Data provided Start Marker

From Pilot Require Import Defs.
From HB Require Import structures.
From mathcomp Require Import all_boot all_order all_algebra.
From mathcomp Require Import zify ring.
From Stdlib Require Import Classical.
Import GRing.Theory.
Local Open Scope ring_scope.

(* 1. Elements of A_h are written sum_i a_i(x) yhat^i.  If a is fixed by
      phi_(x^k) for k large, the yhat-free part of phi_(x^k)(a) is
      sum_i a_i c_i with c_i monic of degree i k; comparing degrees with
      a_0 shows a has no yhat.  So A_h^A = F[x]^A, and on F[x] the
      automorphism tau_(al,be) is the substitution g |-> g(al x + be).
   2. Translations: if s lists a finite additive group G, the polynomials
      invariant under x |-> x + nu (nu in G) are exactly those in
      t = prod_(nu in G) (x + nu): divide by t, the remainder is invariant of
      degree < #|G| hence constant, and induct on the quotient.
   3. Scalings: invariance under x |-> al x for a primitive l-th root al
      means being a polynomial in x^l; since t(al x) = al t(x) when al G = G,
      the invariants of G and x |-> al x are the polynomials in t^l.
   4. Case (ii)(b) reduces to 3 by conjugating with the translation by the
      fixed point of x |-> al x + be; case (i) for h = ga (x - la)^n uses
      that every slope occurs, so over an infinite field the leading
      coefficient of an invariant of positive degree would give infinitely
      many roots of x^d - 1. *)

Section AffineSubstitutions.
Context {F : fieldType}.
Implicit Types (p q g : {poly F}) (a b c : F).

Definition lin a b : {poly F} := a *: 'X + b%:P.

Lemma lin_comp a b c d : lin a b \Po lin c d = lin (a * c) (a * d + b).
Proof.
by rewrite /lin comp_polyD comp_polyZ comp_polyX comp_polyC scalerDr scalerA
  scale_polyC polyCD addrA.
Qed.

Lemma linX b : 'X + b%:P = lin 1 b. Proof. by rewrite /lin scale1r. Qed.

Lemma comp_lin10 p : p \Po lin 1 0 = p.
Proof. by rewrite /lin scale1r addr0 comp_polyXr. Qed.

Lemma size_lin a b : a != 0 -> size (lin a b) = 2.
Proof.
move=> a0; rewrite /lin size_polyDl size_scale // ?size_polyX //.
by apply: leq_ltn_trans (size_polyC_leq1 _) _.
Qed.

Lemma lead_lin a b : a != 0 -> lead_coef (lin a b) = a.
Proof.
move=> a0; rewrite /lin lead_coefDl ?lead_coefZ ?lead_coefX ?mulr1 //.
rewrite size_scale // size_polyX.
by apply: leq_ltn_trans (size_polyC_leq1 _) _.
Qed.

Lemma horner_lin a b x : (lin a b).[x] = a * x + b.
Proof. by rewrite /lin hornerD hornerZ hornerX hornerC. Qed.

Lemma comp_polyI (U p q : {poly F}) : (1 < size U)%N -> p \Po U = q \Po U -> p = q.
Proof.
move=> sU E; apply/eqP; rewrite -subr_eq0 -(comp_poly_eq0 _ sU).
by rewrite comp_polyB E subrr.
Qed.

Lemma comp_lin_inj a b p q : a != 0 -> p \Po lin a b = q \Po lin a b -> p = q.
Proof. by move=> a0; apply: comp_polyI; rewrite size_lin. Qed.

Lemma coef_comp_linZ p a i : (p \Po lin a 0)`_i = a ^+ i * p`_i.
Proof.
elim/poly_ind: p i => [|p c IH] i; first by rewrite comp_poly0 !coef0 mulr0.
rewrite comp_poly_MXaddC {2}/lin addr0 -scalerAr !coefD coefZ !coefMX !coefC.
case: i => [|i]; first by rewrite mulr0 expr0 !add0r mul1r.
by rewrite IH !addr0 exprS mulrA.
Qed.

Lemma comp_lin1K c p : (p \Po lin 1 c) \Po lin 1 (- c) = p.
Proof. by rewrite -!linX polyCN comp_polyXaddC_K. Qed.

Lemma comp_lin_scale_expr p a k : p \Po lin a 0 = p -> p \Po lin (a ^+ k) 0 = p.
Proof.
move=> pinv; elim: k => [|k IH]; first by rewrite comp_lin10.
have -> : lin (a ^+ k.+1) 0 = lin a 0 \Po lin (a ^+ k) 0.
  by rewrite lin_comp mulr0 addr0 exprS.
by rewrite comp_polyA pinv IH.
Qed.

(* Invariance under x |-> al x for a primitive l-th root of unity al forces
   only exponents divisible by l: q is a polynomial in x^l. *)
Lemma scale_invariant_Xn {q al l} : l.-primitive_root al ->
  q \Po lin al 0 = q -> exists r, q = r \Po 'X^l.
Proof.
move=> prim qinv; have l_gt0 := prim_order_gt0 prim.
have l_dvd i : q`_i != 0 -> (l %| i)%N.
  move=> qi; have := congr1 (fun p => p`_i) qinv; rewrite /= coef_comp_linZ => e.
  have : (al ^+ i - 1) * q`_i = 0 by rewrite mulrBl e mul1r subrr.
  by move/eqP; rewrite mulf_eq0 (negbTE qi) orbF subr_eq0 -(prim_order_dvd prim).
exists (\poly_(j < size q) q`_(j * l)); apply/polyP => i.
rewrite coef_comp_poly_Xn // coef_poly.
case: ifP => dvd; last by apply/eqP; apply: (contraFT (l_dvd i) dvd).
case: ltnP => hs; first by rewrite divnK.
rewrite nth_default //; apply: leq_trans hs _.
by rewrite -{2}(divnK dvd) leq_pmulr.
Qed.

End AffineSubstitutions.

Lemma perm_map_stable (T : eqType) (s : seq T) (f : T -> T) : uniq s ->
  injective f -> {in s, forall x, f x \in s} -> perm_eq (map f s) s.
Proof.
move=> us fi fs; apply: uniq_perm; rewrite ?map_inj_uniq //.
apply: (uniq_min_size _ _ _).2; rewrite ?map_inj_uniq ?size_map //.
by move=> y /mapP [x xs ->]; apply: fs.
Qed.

Data provided End Marker

## Task directions
Copy out the entries above exactly as given, starting at the top and ending with the line containing "phi_(x^k) for k"; include both and nothing more.

## Task result
From Pilot Require Import Defs.
From HB Require Import structures.
From mathcomp Require Import all_boot all_order all_algebra.
From mathcomp Require Import zify ring.
From Stdlib Require Import Classical.
Import GRing.Theory.
Local Open Scope ring_scope.

(* 1. Elements of A_h are written sum_i a_i(x) yhat^i.  If a is fixed by
      phi_(x^k) for k large, the yhat-free part of phi_(x^k)(a) is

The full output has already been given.